There are so, so many other things going on in this movie and no time to discuss them. I’ll leave off with Isabella. Aside from her being aged up, which works for dramatic purposes, the movie completely undercuts the things about this woman that made her fascinating. Later in her life, fed up with her husband, Isabella took on Roger Mortimer as a lover and overthrew Edward II, ruling England as a regent for her son. She was nicknamed the “she-wolf of France” for her fierce personality and ball-busting ways. The historical Isabella is sadly lacking in Braveheart. She shows small sparks of life, but there are far too many shots of her walking dreamily through hallways and thinking about Wallace. Oh, and the principle language in the English court in the 1300s was French, so she and her maid could not have gotten away with all their “secret conversations.”
Can we and should we excuse the film’s inaccuracies and accept it as a piece of drama?

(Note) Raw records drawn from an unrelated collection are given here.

(* Let $\mathsf{A}=(A_1,A_2,A_3)\in GL_2(\mathbb{R})^3$ be such that $A_3=cI$ for some $c\in\mathbb{R}\setminus\{0\}$ and $(A_1,A_2)$ is irreducible and dominated. Then for every H\''older continuous potential $f:\{1,2,3\}^{\mathbb{N}}\to\mathbb{R}$ and every $C>0$ there exist $\mathtt{i}\in\{1,2,3\}^{\mathbb{N}}$ and $n\in\mathbb{N}$ such that $\bigl|\sum_{k=0}^{n-1}f(\sigma^k\mathtt{i})-\log\|A_{\mathtt{i}|_n}\|\bigr|>C$.
   Context: $\|\cdot\|$ is the operator norm. $\sigma$ is the left shift on $\{1,2,3\}^{\mathbb{N}}$, $\mathtt{i}|_n$ the first $n$ symbols of $\mathtt{i}$, $\mathtt{i}\wedge\mathtt{j}$ the longest common prefix, $A_{i_1\cdots i_n}=A_{i_1}\cdots A_{i_n}$. A potential $f$ is H\''older continuous if $|f(\mathtt{i})-f(\mathtt{j})|\le K\tau^{|\mathtt{i}\wedge\mathtt{j}|}$ for some $K>0$, $0<\tau<1$. $(A_1,A_2)$ is irreducible if no 1-dimensional subspace is invariant under both $A_1$ and $A_2$; it is dominated if there exist $K>0$ and $0<\tau<1$ with $|\det(B_1\cdots B_n)|/\|B_1\cdots B_n\|^2\le K\tau^n$ for all $n$ and all $B_1,\dots,B_n\in\{A_1,A_2\}$. *)

From HB Require Import structures.
From mathcomp Require Import all_boot all_order all_algebra.
From mathcomp Require Import classical_sets reals exp.
Set Implicit Arguments. Unset Strict Implicit. Unset Printing Implicit Defensive.
Import Order.TTheory GRing.Theory Num.Theory.
Local Open Scope ring_scope.
Local Open Scope classical_set_scope.

Definition vnorm {R : realType} (v : 'cV[R]_2) : R :=
  Num.sqrt (\sum_(i < 2) v i 0 ^+ 2).

Definition opnorm {R : realType} (A : 'M[R]_2) : R :=
  sup [set vnorm (A *m v) | v in [set v : 'cV[R]_2 | vnorm v = 1]].

(* symbolic sequences in {1,2,3}^N, symbols encoded as 'I_3 = {0,1,2} *)
Definition shiftk (k : nat) (i : nat -> 'I_3) : nat -> 'I_3 := fun m => i (m + k)%N.

Definition word_prod {R : realType} (A : 'I_3 -> 'M[R]_2) (i : nat -> 'I_3) (n : nat)
  : 'M[R]_2 := \prod_(k < n) A (i k).

Definition birkhoff {R : realType} (f : (nat -> 'I_3) -> R) (i : nat -> 'I_3) (n : nat) : R :=
  \sum_(k < n) f (shiftk k i).

(* Hölder continuity: |f i - f j| <= K tau^{|i ^ j|}; stated as: whenever i, j
   agree on their first n symbols (i.e. |i ^ j| >= n), |f i - f j| <= K tau^n. *)
Definition holder {R : realType} (f : (nat -> 'I_3) -> R) : Prop :=
  exists K tau : R, 0 < K /\ 0 < tau /\ tau < 1 /\
    forall (i j : nat -> 'I_3) (n : nat),
      (forall m, (m < n)%N -> i m = j m) -> `|f i - f j| <= K * tau ^+ n.

Definition irreducible_pair {R : realType} (A1 A2 : 'M[R]_2) : Prop :=
  ~ exists v : 'cV[R]_2, v != 0 /\
      (exists a : R, A1 *m v = a *: v) /\ (exists b : R, A2 *m v = b *: v).

Definition dominated_pair {R : realType} (A1 A2 : 'M[R]_2) : Prop :=
  exists K tau : R, 0 < K /\ 0 < tau /\ tau < 1 /\
    forall (n : nat) (w : 'I_n -> bool),
      let P := \prod_(k < n) (if w k then A1 else A2) in
      `|\det P| / (opnorm P) ^+ 2 <= K * tau ^+ n.

Definition sym1 : 'I_3 := @Ordinal 3 0 isT.
Definition sym2 : 'I_3 := @Ordinal 3 1 isT.
Definition sym3 : 'I_3 := @Ordinal 3 2 isT.

(* Along the sequences 3^m b1 3^m b2 ... 3^m bk 333... the matrix products are
   c^{mk} A_{b1} ... A_{bk}, while Hölder continuity (and f(333...) = log|c|) makes the
   Birkhoff sum of a block 3^m b, minus m log|c|, converge to a constant a_b as m grows.
   Hence the rescaled matrices B_b = e^{-a_b} A_b generate a monoid whose operator norms lie
   in [e^{-C}, e^C], and domination forces |det B_b| < 1.  In such a monoid every element of
   small determinant has a real eigenvalue of modulus 1, so tr^2 = (1 + det)^2.  Applying this
   to X^k (Y X), k = 0, 1, 2, where X is a high power of B_1 written in its eigenbasis and
   Y = B_2, a Vandermonde argument shows that an eigenvector of X is also one of Y X; it is
   then a common eigenvector of B_1 and B_2, contradicting irreducibility. *)

From mathcomp Require Import all_boot all_order all_algebra zify.
From mathcomp Require Import classical_sets reals exp boolp ring lra normedtype sequences.
Set Implicit Arguments. Unset Strict Implicit. Unset Printing Implicit Defensive.
Import Order.TTheory GRing.Theory Num.Theory numFieldNormedType.Exports.
Local Open Scope ring_scope.
Local Open Scope classical_set_scope.

Section EuclideanNorm.
Variable R : realType.
Implicit Types (a : R) (A B : 'M[R]_2) (u v : 'cV[R]_2).

Lemma sum2 (F : 'I_2 -> R) : \sum_(i < 2) F i = F 0 + F 1.
Proof. by rewrite big_ord_recl big_ord1; congr (_ + F _); apply: val_inj. Qed.

Lemma ord2P (i : 'I_2) : i = 0 \/ i = 1.
Proof. by case: i => [[|[|k]] Hk] //; [left|right]; apply: val_inj. Qed.

Lemma mulmx2E m n (A : 'M[R]_(m, 2)) (B : 'M[R]_(2, n)) i j :
  (A *m B) i j = A i 0 * B 0 j + A i 1 * B 1 j.
Proof. by rewrite mxE sum2. Qed.

Lemma mulmx_delta_entry m n (A : 'M[R]_(m, n)) i j :
  (A *m (delta_mx j 0 : 'cV_n)) i 0 = A i j.
Proof. by rewrite -colE mxE. Qed.

Lemma cV2P u v : u 0 0 = v 0 0 -> u 1 0 = v 1 0 -> u = v.
Proof.
move=> e0 e1; apply/matrixP => i j; rewrite [j]ord1.
by case: (ord2P i) => ->.
Qed.

Lemma vnorm_ge0 v : 0 <= vnorm v.
Proof. exact: sqrtr_ge0. Qed.

Lemma vnorm_sqr v : vnorm v ^+ 2 = v 0 0 ^+ 2 + v 1 0 ^+ 2.
Proof. by rewrite /vnorm sum2 sqr_sqrtr // addr_ge0 ?sqr_ge0. Qed.

Lemma vnormZ a v : vnorm (a *: v) = `|a| * vnorm v.
Proof.
by rewrite /vnorm !sum2 !mxE !exprMn -mulrDr sqrtrM ?sqr_ge0 // sqrtr_sqr.
Qed.

Lemma vnorm_eq0 v : (vnorm v == 0) = (v == 0).
Proof.
apply/idP/eqP => [/eqP v0|->]; last by rewrite /vnorm sum2 !mxE expr0n addr0 sqrtr0.
have := vnorm_sqr v; rewrite v0 expr0n /= => /esym/eqP.
rewrite paddr_eq0 ?sqr_ge0 // !sqrf_eq0 => /andP[/eqP e0 /eqP e1].
by apply: cV2P; rewrite mxE.
Qed.

Lemma vnorm0 : vnorm (0 : 'cV[R]_2) = 0.
Proof. by apply/eqP; rewrite vnorm_eq0. Qed.

Lemma vnorm_gt0 v : (0 < vnorm v) = (v != 0).
Proof. by rewrite lt_def vnorm_eq0 vnorm_ge0 andbT. Qed.

Lemma vnormD u v : vnorm (u + v) <= vnorm u + vnorm v.
Proof.
rewrite -(ler_pXn2r (n := 2)) ?nnegrE ?addr_ge0 ?vnorm_ge0 //.
rewrite vnorm_sqr sqrrD !vnorm_sqr !mxE.
suff : u 0 0 * v 0 0 + u 1 0 * v 1 0 <= vnorm u * vnorm v by lra.
(* Cauchy-Schwarz, via Lagrange's identity *)
apply: le_trans (ler_norm _) _.
rewrite -(ler_pXn2r (n := 2)) ?nnegrE ?mulr_ge0 ?vnorm_ge0 //.
rewrite real_normK ?num_real // exprMn !vnorm_sqr -subr_ge0.
have -> : (u 0 0 ^+ 2 + u 1 0 ^+ 2) * (v 0 0 ^+ 2 + v 1 0 ^+ 2)
  - (u 0 0 * v 0 0 + u 1 0 * v 1 0) ^+ 2 = (u 0 0 * v 1 0 - u 1 0 * v 0 0) ^+ 2.
  by ring.
exact: sqr_ge0.
Qed.

Lemma norm_entry_le_vnorm v i : `|v i 0| <= vnorm v.
Proof.
rewrite -(ler_pXn2r (n := 2)) ?nnegrE ?vnorm_ge0 // vnorm_sqr real_normK ?num_real //.
have := sqr_ge0 (v 0 0); have := sqr_ge0 (v 1 0).
by case: (ord2P i) => ->; lra.
Qed.

Lemma vnorm_delta j : vnorm (delta_mx j 0 : 'cV[R]_2) = 1.
Proof.
by rewrite /vnorm sum2 !mxE; case: (ord2P j) => ->;
  rewrite /= expr0n expr1n ?addr0 ?add0r sqrtr1.
Qed.

Definition mx_entry_sum A := \sum_(i < 2) \sum_(j < 2) `|A i j|.

Lemma vnorm_mulmx_entry_sum A v : vnorm (A *m v) <= mx_entry_sum A * vnorm v.
Proof.
apply: le_trans (_ : \sum_(i < 2) `|(A *m v) i 0| <= _).
  rewrite -(ler_pXn2r (n := 2)) ?nnegrE ?vnorm_ge0 ?sumr_ge0 // vnorm_sqr sum2.
  rewrite -(real_normK (num_real ((A *m v) 0 0))) -(real_normK (num_real ((A *m v) 1 0))).
  have := mulr_ge0 (normr_ge0 ((A *m v) 0 0)) (normr_ge0 ((A *m v) 1 0)).
  rewrite sqrrD; lra.
rewrite /mx_entry_sum mulr_suml; apply: ler_sum => i _.
rewrite mulr_suml mxE; apply: le_trans (ler_norm_sum _ _ _) _.
apply: ler_sum => j _; rewrite normrM.
by apply: ler_wpM2l => //; exact: norm_entry_le_vnorm.
Qed.

End EuclideanNorm.

Section OperatorNorm.
Variable R : realType.
Implicit Types (a : R) (A B : 'M[R]_2) (v : 'cV[R]_2).

Let unit_images A := [set vnorm (A *m v) | v in [set v : 'cV[R]_2 | vnorm v = 1]].

Let has_sup_unit_images A : has_sup (unit_images A).
Proof.
split; first by exists (vnorm (A *m delta_mx 0 0)), (delta_mx 0 0) => //=; exact: vnorm_delta.
exists (mx_entry_sum A) => _ [v /= v1 <-].
by have := vnorm_mulmx_entry_sum A v; rewrite v1 mulr1.
Qed.

Lemma vnorm_unit_le_opnorm A v : vnorm v = 1 -> vnorm (A *m v) <= opnorm A.
Proof. by move=> v1; apply: sup_upper_bound (has_sup_unit_images A) _ _; exists v. Qed.

Lemma opnorm_le A k : (forall v, vnorm v = 1 -> vnorm (A *m v) <= k) -> opnorm A <= k.
Proof.
move=> Ak; apply: ge_sup; first by case: (has_sup_unit_images A).
by move=> _ [v /= v1 <-]; apply: Ak.
Qed.

Lemma opnorm_ge0 A : 0 <= opnorm A.
Proof. exact: le_trans (vnorm_ge0 _) (vnorm_unit_le_opnorm A (@vnorm_delta R 0)). Qed.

To some degree, sure, but I have a problem with the argument that nobody’s allowed to get offended because it’s “just a movie.” Movies can revitalize interest in subjects that have largely been forgotten about. Braveheart sparked a new wave of tourism to Scotland. Some people might end up hearing the real story, but most of us are left with faint memories of evil kings mercilessly killing heroes without knowing where we learned the story. You can still enjoy the story and appreciate the history at the same time. Sometimes, you might even find that you like the truth better than the fiction.